Wreszcie zakończyłyśmy tą jakże trudną rozmowę. Kiedy poszłyśmy do jadalni, wszyscy siedzieli już przy stole. Przez Anahi nabrałam wątpliwości co do Uckera. Może on znowu tylko udaje takiego słodkiego, a za chwilę znowu wyleci mi z tym długiem?... Tego bym już chyba nie zniosła. Siedziałam znowu między Uckerem, a Any. Nie odzywałam się i jadłam dość mało.
-Co jest?- zapytał cicho Ucker, kładąc dłoń na moje kolano.
-Nic takiego.- posłałam mu niepewny uśmiech, powracając do jedzenia, a właściwie męczenia sałatki.
-Widzę, że coś się dzieje, ale o tym pogadamy później.
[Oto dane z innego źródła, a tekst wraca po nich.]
Lemma L4_isoE p phi psi : L4_iso p phi ->
  L4_iso p psi = (psi == phi) || (psi == [ffun u => phi (rev_ord u)]).
Proof.
case/andP => /andP [/injectiveP phi_inj /eqP phi_im] /forallP phi_L4.
have phiE u v : L4_rel u v = ([set phi u; phi v] \in p.2).
  by apply/eqP; move/forallP: (phi_L4 u); apply.
apply/idP/idP.
  case/andP => /andP [_ /eqP psi_im] /forallP psi_L4.
  have psiE u v : L4_rel u v = ([set psi u; psi v] \in p.2).
    by apply/eqP; move/forallP: (psi_L4 u); apply.
  have psi_in_phi u : exists v, psi u = phi v.
    have : psi u \in p.1 by rewrite -psi_im imset_f.
    by rewrite -phi_im => /imsetP [v _ ->]; exists v.
  have [s psi_phi] := fin_all_exists psi_in_phi.
  have s_aut u v : L4_rel (s u) (s v) = L4_rel u v.
    by rewrite [RHS]psiE !psi_phi -phiE.
  case: (L4_automorphism s_aut) => s_id; apply/orP; [left|right];
    by apply/eqP/ffunP => u; rewrite psi_phi s_id ?ffunE.
case/orP => /eqP ->; apply/andP; (split; [apply/andP; split|]).
- exact/injectiveP.
- by apply/eqP.
- by apply/forallP => u; apply/forallP => v; rewrite phiE.
- by apply/injectiveP => u v; rewrite !ffunE => /phi_inj/rev_ord_inj.
- rewrite -phi_im; apply/eqP/setP => x; apply/imsetP/imsetP => -[u _ ->].
    by exists (rev_ord u); rewrite ?ffunE.
  by exists (rev_ord u); rewrite ?ffunE ?rev_ordK.
by apply/forallP => u; apply/forallP => v; rewrite !ffunE -phiE L4_rev.
Qed.

Lemma sum_L4_iso p : (\sum_phi (L4_iso p phi : nat) = 2 * iso_to L4_rel p)%N.
Proof.
have -> : iso_to L4_rel p = [exists phi, L4_iso p phi] by [].
case: existsP => [[phi iso]|no_iso]; last first.
  rewrite big1 // => phi _; case: (boolP (L4_iso p phi)) => // iso.
  by case: no_iso; exists phi.
pose phi_rev : {ffun 'I_4 -> 'I_n} := [ffun u => phi (rev_ord u)].
have phi_neq : phi != phi_rev.
  case/andP: iso => /andP [/injectiveP phi_inj _] _.
  by apply/eqP => /ffunP /(_ i0); rewrite ffunE => /phi_inj.
transitivity #|[set phi; phi_rev]|; last by rewrite cards2 phi_neq.
rewrite -sum1_card [RHS]big_mkcond /=.
by apply: eq_bigr => psi _; rewrite (L4_isoE _ iso) !inE.
Qed.

Lemma nG_L4 : (nG e L4_rel)%:R *+ 2 = npath4.
Proof.
have count : (nG e L4_rel * 2 = \sum_phi (path4_map phi : nat))%N.
  rewrite /nG -sum1dep_card big_mkcond big_distrl /=.
  transitivity (\sum_p \sum_phi (is_subgraph e p && L4_iso p phi : nat))%N.
    apply: eq_bigr => p _; case: (is_subgraph e p) => /=; last by rewrite big1.
    by rewrite sum_L4_iso mulnC; case: (iso_to _ _).
  rewrite exchange_big; apply: eq_bigr => phi _.
  under eq_bigr do rewrite subgraph_L4_isoE.
  rewrite (bigD1 (path4_subgraph phi)) //= eqxx andbT big1 ?addn0 // => p.
  by move/negbTE ->; rewrite andbF.
by rewrite -mulr_natr -natrM count natr_sum (sum_ffun4 (fun a b c d => (path4 a b c d)%:R)).
Qed.

End Graph.

Unset Implicit Arguments.

Theorem proposition1 (n : nat) (e : rel 'I_n) :
  simple_graph e ->
  let A := adj e in
  let k := deg e in
  [/\ (nG e L4_rel)%:R = \sum_(P in Qpairs e) Qterm e P,
      \sum_(P in Qpairs e) Qterm e P =
        2%:R^-1 * \sum_(s : 'I_n) \sum_(t : 'I_n | t != s)
           ((A ^+ 3) s t - A s t * (2%:R * (k t)%:R - 1))
    & 2%:R^-1 * \sum_(s : 'I_n) \sum_(t : 'I_n | t != s)
           ((A ^+ 3) s t - A s t * (2%:R * (k t)%:R - 1))
        = m_p e 3 + m_p e 1 - n%:R * avg_k2 e].
Proof.
move=> [e_irr e_sym] A k; rewrite {}/A {}/k.
have S_paths := sum_offdiag_adj3_path4 e_sym.
have S_moments := sum_offdiag_adj3_moments e_irr e_sym.
rewrite (sum_Qterm e_irr e_sym) S_paths; split.
- by rewrite -(nG_L4 e_irr e_sym); field.
- by field.
- by rewrite -S_paths S_moments; field.
Qed.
Teraz jedz, bo coś Ci to nie idzie.
-Nie jestem głodna.
-Jedz, bo będę Cię karmić.
-Ucker, naprawdę nie chcę. Odczep się ode mnie i zajmij swoim talerzem.
-Dlaczego taka jesteś?
-Pogadamy później, a teraz jedz, bo Tobie też to słabo idzie.- odegrałam się tym samym.
-Bo martwię się o Ciebie. Kochanie, masz anemię i musisz jeść.
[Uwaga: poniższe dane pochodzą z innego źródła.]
(* In the setting of the context, assume (G1), (G2), (G3). Let $M:=(2c_D^2c^2c_1^2)\vee(3cc_2)$, let $k\in\mathbb N$ with $M\le M_0^k$ and $\alpha_0^k<1/4$, put $\alpha_M:=\alpha_0^k$ and let $0<\alpha\le\alpha_M$. Then there exists $\delta_0>0$ such that for every $x\in X_0$ and $0<r<R_0(x)$, $$\mu_x^{U(x,\alpha^2r)}(U(x,r))>\delta_0.$$
   Context: $(X,\rho)$ separable metric space, $X_0\subseteq X$ open; $\mathcal M(X)$ finite Borel measures (extended to universally measurable sets), $\|\mu\|=\mu(X)$, $\varepsilon_x$ Dirac measure. For every open $U\subseteq X$ and $x\in X$ a measure $\mu_x^U\in\mathcal M(X)$ is given such that for all open $U,V$ and $x$: $\mu_x^U(U)=0$, $\|\mu_x^U\|\le1$, $\mu_x^U=\varepsilon_x$ if $x\notin U$; $y\mapsto\mu_y^U(E)$ universally measurable for Borel $E$; $\mu_x^U=\int\mu_y^U\,d\mu_x^V(y)$ if $V\subseteq U$. For closed $A$, $\varepsilon_x^A:=\mu_x^{X\setminus A}$. $\mathcal U(X_0)$: open $U$ with $\overline U\subseteq X_0$; $U(x,r)$ open ball; $R_0(x):=\sup\{r>0:\overline{U(x,r)}\subseteq X_0\}$. $G\colon X\times X\to(0,\infty]$ Borel, $G\mu(x)=\int G(x,y)d\mu(y)$, $\operatorname{cap}A:=\sup\{\|\mu\|:\mu\in\mathcal M(X),\mu(X\setminus A)=0,G\mu\le1\}$. (G1): there is $c_1\ge1$ such that for all $U\in\mathcal U(X_0)$, $x\in U$, $\delta>0$, closed $A\subseteq U$ there are a closed neighborhood $B\subseteq U$ of $A$ and a measure $\nu$ carried by $B$ with $\|\varepsilon_x^B\|-\delta<c_1\|\varepsilon_x^A\|$ and $\|\varepsilon_y^A\|\le G\nu(y)\le c_1\|\varepsilon_y^B\|$ for all $y$. (G2): there are a strictly decreasing continuous $g\colon[0,\infty)\to(0,\infty]$ and $c,c_D,M_0\in[1,\infty)$, $\alpha_0\in(0,1)$ with $g(r/2)\le c_Dg(r)$, $M_0g(r)\le g(\alpha_0r)$ for all $r>0$ and $c^{-1}g\circ\rho\le G\le c\,g\circ\rho$. (G3): there is $c_2\ge1$ with $\operatorname{cap}U(x,r)\ge c_2^{-1}g(r)^{-1}$ for all $x\in X_0$, $0<r<R_0(x)$. *)

From HB Require Import structures.
From mathcomp Require Import all_boot all_order all_algebra.
From mathcomp Require Import all_classical all_reals all_analysis.
From mathcomp Require Import measurable_realfun.
Set Implicit Arguments. Unset Strict Implicit. Unset Printing Implicit Defensive.
Import Order.TTheory GRing.Theory Num.Theory.
Import numFieldNormedType.Exports.
Local Open Scope classical_set_scope.
Local Open Scope ring_scope.

Section Defs.
Context {R : realType} {X : Type} (rho : X -> X -> R).

Definition is_metric : Prop :=
  [/\ forall x y, 0 <= rho x y,
      forall x y, rho x y = 0 <-> x = y,
      forall x y, rho x y = rho y x &
      forall x y z, rho x z <= rho x y + rho y z].

Definition rball (x : X) (r : R) : set X := [set y | rho x y < r].

Definition separable_rho : Prop :=
  exists D : set X, countable D /\
    forall x (r : R), 0 < r -> exists y, D y /\ rho x y < r.

Definition ropen (U : set X) : Prop :=
  forall x, U x -> exists2 r : R, 0 < r & rball x r `<=` U.

Definition rclosed (A : set X) : Prop := ropen (~` A).

Definition rclosure (U : set X) : set X :=
  [set x | forall r : R, 0 < r -> exists y, U y /\ rho x y < r].

Definition rnbhd_of (A B : set X) : Prop :=
  forall a, A a -> exists2 r : R, 0 < r & rball a r `<=` B.

Definition calU (X0 U : set X) : Prop := ropen U /\ rclosure U `<=` X0.

Definition R0 (X0 : set X) (x : X) : \bar R :=
  ereal_sup [set r%:E | r in [set r : R | 0 < r /\ rclosure (rball x r) `<=` X0]].
End Defs.

Section Meas.
Context {R : realType} {d : measure_display} {X : measurableType d}.

(* universally measurable sets: measurable for the completion of
   every finite (Borel) measure *)
Definition umeasurable (S : set X) : Prop :=
  forall m : {measure set X -> \bar R}, (m setT < +oo)%E ->
    exists B1 B2 : set X, [/\ measurable B1, measurable B2,
      B1 `<=` S, S `<=` B2 & m (B2 `\` B1) = 0%E].

Definition umeasurable_fun (f : X -> \bar R) : Prop :=
  forall a : R, umeasurable [set y | (f y < a%:E)%E].

Definition meas_eq (m1 m2 : {measure set X -> \bar R}) : Prop :=
  forall E, measurable E -> m1 E = m2 E.

Definition Gpot (G : X -> X -> \bar R) (m : {measure set X -> \bar R}) (x : X)
  : \bar R := (\int[m]_y G x y)%E.

Definition cap (G : X -> X -> \bar R) (A : set X) : \bar R :=
  ereal_sup [set m setT | m in [set m : {measure set X -> \bar R} |
     (m setT < +oo)%E /\ m (~` A) = 0%E /\ forall x, (Gpot G m x <= 1)%E]].
End Meas.

From HB Require Import structures.
From mathcomp Require Import all_boot all_order all_algebra.
From mathcomp Require Import all_classical all_reals all_analysis.
From mathcomp Require Import measurable_realfun.
From mathcomp Require Import ring lra.
Import Order.TTheory GRing.Theory Num.Theory.
Import numFieldNormedType.Exports.
Local Open Scope classical_set_scope.
Local Open Scope ring_scope.
Local Open Scope ereal_scope.

(* Put t = alpha r and let A be the closed annulus alpha t <= rho(x, .) <= t.
   (G1) provides a measure nu carried by a neighbourhood B of A inside
   B(x, 2t) with mu_y^{~A}(X) <= G nu(y) <= c1 mu_y^{~B}(X).  Testing the
   capacity bound (G3) for B(x, t) against nu, via Fubini and the
   quasi-symmetry of G, shows that nu(X) is at least of order 1 / g(2t); hence
   G nu(x), and with it mu_x^{~B}(X), is bounded below.  On the other hand,
   sweeping onto V = B(x, alpha t) bounds mu_x^{~A}(X) by mu_x^V(B(x, r)) plus
   the potential of nu outside B(x, r), which the choice of k makes small
   compared with g(2t) nu(X).  Comparing the two bounds leaves a lower bound
   for mu_x^V(B(x, r)) that depends only on the constants. *)

Section finite_copy.
Context {d} {T : measurableType d} {R : realType}.
Context {m : {measure set T -> \bar R}} (mT : m setT < +oo).

(* [mT] is threaded into the body so that the finite-measure instance below,
   which needs it, can be attached to the constant [finite_copy mT]. *)
Definition finite_copy : set T -> \bar R := let _ := mT in m.

HB.instance Definition _ := isMeasure.Build _ _ _ finite_copy
  (measure0 m) (@measure_ge0 _ _ _ m) (@measure_semi_sigma_additive _ _ _ m).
-Jak Ty mnie wkurzasz...- burknęłam i wróciłam do jedzenia, żeby dał mi już spokój.
-O tym też pogadamy później.- powiedział z czarującym uśmiechem.
Pomogłam Pani Laurze posprzątać po śniadaniu wraz z Ann. Ucker w tym czasie poszedł napalić w piecu, bo przecież służba ma wolne w święta. Kiedy wrócił, zgarnął mnie na bok, jak wynosiłam kubki z jadalni.
-Co Ci jest?- zapytał czułym, a zarazem stanowczym głosem, trzymając mnie za rękę.
-Przykro mi, to nie ma sensu. Nie możemy być razem.- odpowiedziałam ze smutkiem.
-Ale dlaczego?- zapytał ze łzami w oczach, a ja odeszłam.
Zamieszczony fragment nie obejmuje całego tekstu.